# [TASK TO COMPLETE]
Each line from the one containing "by apply: dw_eq_derive_xi;" through the last line of the data below is to be written out verbatim, and nothing more.

SUPPLIED DATA section start

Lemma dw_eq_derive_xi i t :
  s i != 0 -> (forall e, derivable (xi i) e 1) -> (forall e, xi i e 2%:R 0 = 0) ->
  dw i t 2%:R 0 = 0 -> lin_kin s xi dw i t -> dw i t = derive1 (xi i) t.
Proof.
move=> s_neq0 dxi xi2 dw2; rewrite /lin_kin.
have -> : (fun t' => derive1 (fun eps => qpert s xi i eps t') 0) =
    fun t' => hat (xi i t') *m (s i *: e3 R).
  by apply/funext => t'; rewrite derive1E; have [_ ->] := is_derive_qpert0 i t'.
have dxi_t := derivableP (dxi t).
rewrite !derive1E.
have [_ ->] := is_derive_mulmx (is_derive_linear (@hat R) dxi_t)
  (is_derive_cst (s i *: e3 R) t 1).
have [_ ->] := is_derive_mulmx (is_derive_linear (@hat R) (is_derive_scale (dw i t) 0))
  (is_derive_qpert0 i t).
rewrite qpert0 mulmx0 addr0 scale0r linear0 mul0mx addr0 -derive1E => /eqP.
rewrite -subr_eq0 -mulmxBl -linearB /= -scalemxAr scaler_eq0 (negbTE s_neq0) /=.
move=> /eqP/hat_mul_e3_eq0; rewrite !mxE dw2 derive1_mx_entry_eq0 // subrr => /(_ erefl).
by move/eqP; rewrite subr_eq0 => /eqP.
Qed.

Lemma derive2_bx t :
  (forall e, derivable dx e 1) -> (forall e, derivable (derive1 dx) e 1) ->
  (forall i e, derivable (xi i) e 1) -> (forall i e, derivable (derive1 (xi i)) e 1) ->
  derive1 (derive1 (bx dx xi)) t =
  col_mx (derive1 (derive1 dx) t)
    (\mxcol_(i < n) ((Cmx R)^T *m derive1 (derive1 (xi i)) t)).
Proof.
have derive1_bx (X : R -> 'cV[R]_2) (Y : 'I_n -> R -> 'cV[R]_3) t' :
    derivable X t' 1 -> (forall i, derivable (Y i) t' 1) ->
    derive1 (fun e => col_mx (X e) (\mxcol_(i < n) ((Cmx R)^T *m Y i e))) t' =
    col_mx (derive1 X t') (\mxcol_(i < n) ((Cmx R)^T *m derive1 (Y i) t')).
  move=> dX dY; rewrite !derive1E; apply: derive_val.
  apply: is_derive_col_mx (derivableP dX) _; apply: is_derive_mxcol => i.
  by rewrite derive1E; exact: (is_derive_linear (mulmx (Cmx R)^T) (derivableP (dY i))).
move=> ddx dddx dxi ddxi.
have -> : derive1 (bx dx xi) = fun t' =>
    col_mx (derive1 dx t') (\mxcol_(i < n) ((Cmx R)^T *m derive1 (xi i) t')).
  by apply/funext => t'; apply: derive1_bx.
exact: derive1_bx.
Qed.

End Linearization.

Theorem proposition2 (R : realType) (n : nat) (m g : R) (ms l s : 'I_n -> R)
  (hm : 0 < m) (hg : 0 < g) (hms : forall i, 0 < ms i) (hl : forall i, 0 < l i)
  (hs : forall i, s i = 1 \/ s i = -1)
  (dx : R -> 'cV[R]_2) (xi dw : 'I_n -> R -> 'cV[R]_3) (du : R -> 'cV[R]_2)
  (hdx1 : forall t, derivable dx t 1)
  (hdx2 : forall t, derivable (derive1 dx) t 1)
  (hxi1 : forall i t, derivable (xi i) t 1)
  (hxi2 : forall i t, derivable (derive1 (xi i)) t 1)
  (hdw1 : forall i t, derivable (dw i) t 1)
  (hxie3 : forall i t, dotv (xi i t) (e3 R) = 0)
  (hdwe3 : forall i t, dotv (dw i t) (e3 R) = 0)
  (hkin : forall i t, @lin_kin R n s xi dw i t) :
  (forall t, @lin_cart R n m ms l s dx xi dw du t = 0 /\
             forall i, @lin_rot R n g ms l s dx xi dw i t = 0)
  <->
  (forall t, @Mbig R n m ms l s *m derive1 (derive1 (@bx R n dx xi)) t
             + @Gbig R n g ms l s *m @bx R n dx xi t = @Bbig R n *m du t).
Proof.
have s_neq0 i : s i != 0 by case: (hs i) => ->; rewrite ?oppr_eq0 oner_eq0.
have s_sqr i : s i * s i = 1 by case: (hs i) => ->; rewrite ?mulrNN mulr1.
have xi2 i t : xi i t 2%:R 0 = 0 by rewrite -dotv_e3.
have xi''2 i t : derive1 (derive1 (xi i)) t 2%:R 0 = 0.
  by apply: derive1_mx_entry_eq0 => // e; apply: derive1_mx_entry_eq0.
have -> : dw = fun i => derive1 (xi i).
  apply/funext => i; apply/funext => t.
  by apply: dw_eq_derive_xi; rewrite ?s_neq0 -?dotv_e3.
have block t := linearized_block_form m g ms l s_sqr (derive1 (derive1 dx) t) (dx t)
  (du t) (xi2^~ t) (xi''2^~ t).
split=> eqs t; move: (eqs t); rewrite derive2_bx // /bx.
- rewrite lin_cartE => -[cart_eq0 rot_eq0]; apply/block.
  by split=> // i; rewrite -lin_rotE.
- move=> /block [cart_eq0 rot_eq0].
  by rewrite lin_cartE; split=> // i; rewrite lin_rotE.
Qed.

SUPPLIED DATA section end

# [FINAL ANSWER]
  by apply: dw_eq_derive_xi; rewrite ?s_neq0 -?dotv_e3.
have block t := linearized_block_form m g ms l s_sqr (derive1 (derive1 dx) t) (dx t)
  (du t) (xi2^~ t) (xi''2^~ t).
split=> eqs t; move: (eqs t); rewrite derive2_bx // /bx.
- rewrite lin_cartE => -[cart_eq0 rot_eq0]; apply/block.
  by split=> // i; rewrite -lin_rotE.
- move=> /block [cart_eq0 rot_eq0].
  by rewrite lin_cartE; split=> // i; rewrite lin_rotE.
Qed.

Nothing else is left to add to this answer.